→ ACTIVITY: Beginning with the line that holds "have [Rz [hRz hzx]] := prox_steps_bounded." in the data below, give again every line through the one that holds "have [gz [hgz [hUk", exactly as written.

[Stored data entries]
-------
Lemma FBE_approx x0 eps : 0 < eps -> exists w gw, G w = Some gw /\
  model x0 w + gw < fbe x0 + eps.
Proof.
move=> he; apply: NNPP => hno.
suff : fbe x0 + eps <= fbe x0 by lra.
apply: (FBE_glb x0).2 => v [w]; rewrite fbe_obj_model.
case hw: (G w) => [gw|] // [<-].
by apply: Rnot_lt_le => hlt; apply: hno; exists w, gw.
Qed.

Lemma FBE_iterate_lb k : r0 + cmin * bnsq (bsub (z k) (x k)) <= fbe (x k).
Proof. by have [gz [hgz [-> _]]] := FBE_at_prox (hT k); exact: model_obj_lb. Qed.

Lemma FBE_iterate_ge_min k : r0 <= fbe (x k).
Proof.
by have := FBE_iterate_lb k; have := cmin_pos; have := bnsq_ge0 (bsub (z k) (x k)); nra.
Qed.

Lemma FBE_iterates_cv : exists l, Un_cv (fun k => fbe (x k)) l.
Proof.
have hlb : has_lb (fun k => fbe (x k)).
  by exists (- r0) => v [k ->]; rewrite /opp_seq; have := FBE_iterate_ge_min k; lra.
by have [l hl] := decreasing_cv _ FBE_nonincreasing hlb; exists l.
Qed.

(* Statement (iv): telescoping the step bound against the lower bound r0. *)
Lemma iterates_sq_summable :
  exists l, infinite_sum (fun k => bnsq (bsub (x (S k)) (x k))) l.
Proof.
exact: (telescoping_summable cmin_pos (fun k => bnsq_ge0 _) step_sq_le FBE_iterate_ge_min).
Qed.

(* The prox steps z^k - x^k stay bounded, since cmin |z^k - x^k|^2 is at most
   FBE(x^k) - r0 <= FBE(x^0) - r0. *)
Lemma prox_steps_bounded : exists Rz, 0 <= Rz /\ forall k, bnsq (bsub (z k) (x k)) <= Rz.
Proof.
have hc := cmin_pos.
exists ((fbe (x 0%nat) - r0) / cmin).
suff hb k : bnsq (bsub (z k) (x k)) <= (fbe (x 0%nat) - r0) / cmin.
  by split => //; exact: Rle_trans (bnsq_ge0 _) (hb 0%nat).
have h : cmin * bnsq (bsub (z k) (x k)) <= fbe (x 0%nat) - r0.
  have := decreasing_prop _ _ _ FBE_nonincreasing (Nat.le_0_l k) => /=.
  by have := FBE_iterate_lb k; lra.
have -> : bnsq (bsub (z k) (x k)) = cmin * bnsq (bsub (z k) (x k)) / cmin by field; lra.
by apply: Rmult_le_compat_r => //; apply: Rlt_le; apply: Rinv_0_lt_compat.
Qed.

(* Statement (iii), upper half: at iterates x^k close to xb, the point z^k is
   admissible for FBE(xb), and M(xb, z^k) is close to M(x^k, z^k). *)
Lemma FBE_cluster_le l xb : Un_cv (fun k => fbe (x k)) l -> cluster_point x xb ->
  fbe xb <= l.
Proof.
move=> hcv hcl; apply: Rnot_lt_le => hlt.
set eps := (fbe xb - l) / 3; have he : 0 < eps by rewrite /eps; lra.
have heps : 3 * eps = fbe xb - l by rewrite /eps; field.
have [K hK] := hcv eps he.
have [Rz [hRz hzx]] := prox_steps_bounded.
have [d [hd hcont]] := @model_cont xb (2 * Rz + 2) eps ltac:(lra) he.
have [k [hk hxk]] := hcl (Rmin d 1) K (Rmin_pos _ _ hd Rlt_0_1).
have [gz [hgz [hUk _]]] := FBE_at_prox (hT k).
have hxk1 : bnsq (bsub (x k) xb) < 1.
  rewrite -bnorm_sq; have := Rmin_r d 1; have := bnorm_ge0 (bsub (x k) xb); nra.
have hzb : bnsq (bsub (z k) xb) <= 2 * Rz + 2.
  by have := bnsq_tri (z k) (x k) xb; have := hzx k; lra.
have := hcont (x k) (z k) (Rlt_le_trans _ _ _ hxk (Rmin_l d 1)) hzb.
move/Rabs_le_bounds => hclose.
have := FBE_le xb hgz.
have := hK k (elimT leP hk); rewrite /Rdist hUk => hnear.
have := Rle_abs (model (x k) (z k) + gz - l).
lra.
Qed.

(* Statement (iii), lower half: a near-minimizer w for FBE(xb) is admissible
   at x^k, and M(x^k, w) is close to M(xb, w) for x^k close to xb. *)
Lemma FBE_cluster_ge l xb : Un_cv (fun k => fbe (x k)) l -> cluster_point x xb ->
  l <= fbe xb.
Proof.
move=> hcv hcl; apply: Rnot_lt_le => hlt.
set eps := (l - fbe xb) / 2; have he : 0 < eps by rewrite /eps; lra.
have heps : 2 * eps = l - fbe xb by rewrite /eps; field.
have [w [gw [hw hwv]]] := FBE_approx xb he.
have [d [hd hcont]] := model_cont xb (bnsq_ge0 (bsub w xb)) he.
have [k [_ hxk]] := hcl d 0%nat hd.
have [gz [_ [hUk hmink]]] := FBE_at_prox (hT k).
have := hcont (x k) w hxk (Rle_refl _); move/Rabs_le_bounds => hclose.
have := hmink w gw hw.
have := decreasing_ineq _ _ FBE_nonincreasing hcv k; rewrite hUk.
lra.
Qed.

End BoundedBelow.
End Iterates.
End Model.
Theorem lemma2p5 (N : nat) (n : 'I_N -> nat)
  (f : forall i, vec (n i) -> R) (gf : forall i, vec (n i) -> vec (n i))
  (L gamma : 'I_N -> R) (G : bvec n -> option R)
  (x z : nat -> bvec n) (I : nat -> {set 'I_N}) :
  (1 <= N)%nat ->
  (forall i, is_gradient (f i) (gf i)) ->
  (forall i, 0 < L i) ->
  (forall i, lipschitz (gf i) (L i)) ->
  proper_fun G -> lsc G ->
  (exists xs, Phi f G xs <> None /\ forall y, ext_le (Phi f G xs) (Phi f G y)) ->
  (forall i, 0 < gamma i /\ gamma i < INR N / L i) ->
  (forall k, in_T gf gamma G (x k) (z k)) ->
  (forall k i, x (S k) i = if i \in I (S k) then z k i else x k i) ->
  (* (i) *)
  (forall i, 0 < (INR N - gamma i * L i) / INR N) /\
  (forall k, FBE f gf gamma G (x (S k)) <=
     FBE f gf gamma G (x k)
     - \big[Rplus/0]_(i < N | i \in I (S k))
         ((INR N - gamma i * L i) / INR N / (2 * gamma i)
          * nsq (vsub (z k i) (x k i)))) /\
  (* (ii) *)
  (forall k, FBE f gf gamma G (x (S k)) <= FBE f gf gamma G (x k)) /\
  (exists Phistar,
     Un_cv (fun k => FBE f gf gamma G (x k)) Phistar /\
     (forall xs r, (forall y, ext_le (Phi f G xs) (Phi f G y)) ->
        Phi f G xs = Some r -> r <= Phistar) /\
  (* (iii) *)
     (forall xb, cluster_point x xb -> FBE f gf gamma G xb = Phistar)) /\
  (* (iv) *)
  (exists l, infinite_sum (fun k => bnsq (bsub (x (S k)) (x k))) l) /\
  (* (v) *)
  (coercive (Phi f G) ->
     (exists B, forall k, bnorm (x k) <= B) /\
     (exists B, forall k, bnorm (z k) <= B)).
Proof.
move=> hN hgrad hL hlip _ _ [xs [hxs_fin hmin]] hgam hT hupd.
case hxs: (Phi f G xs) hxs_fin => [r0|] // _.
have [l hl] := FBE_iterates_cv hN hgrad hL hlip hgam hT hupd hxs hmin.
split; first exact: (xi_pos hN hL hgam).
split; first exact: (sufficient_decrease hN hgrad hL hlip hgam hT hupd).
split; first exact: (FBE_nonincreasing hN hgrad hL hlip hgam hT hupd).
split.
  exists l; split => //; split.
  - move=> xs' r hmin' hr; exact: (FBE_limit_ge_min hN hgrad hL hlip hgam hT hmin' hr hl).
  - move=> xb hxb; apply: Rle_antisym.
    + exact: (FBE_cluster_le hN hgrad hL hlip hgam hT hupd hxs hmin hl hxb).
    + exact: (FBE_cluster_ge hN hgrad hL hlip hgam hT hupd hxs hmin hl hxb).
split; first exact: (iterates_sq_summable hN hgrad hL hlip hgam hT hupd hxs hmin).
exact: (iterates_bounded hN hgrad hL hlip hgam hT hupd).
Qed.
-------
→ EXERCISE RESPONSE:
have [Rz [hRz hzx]] := prox_steps_bounded.
have [d [hd hcont]] := @model_cont xb (2 * Rz + 2) eps ltac:(lra) he.
have [k [hk hxk]] := hcl (Rmin d 1) K (Rmin_pos _ _ hd Rlt_0_1).
have [gz [hgz [hUk _]]] := FBE_at_prox (hT k).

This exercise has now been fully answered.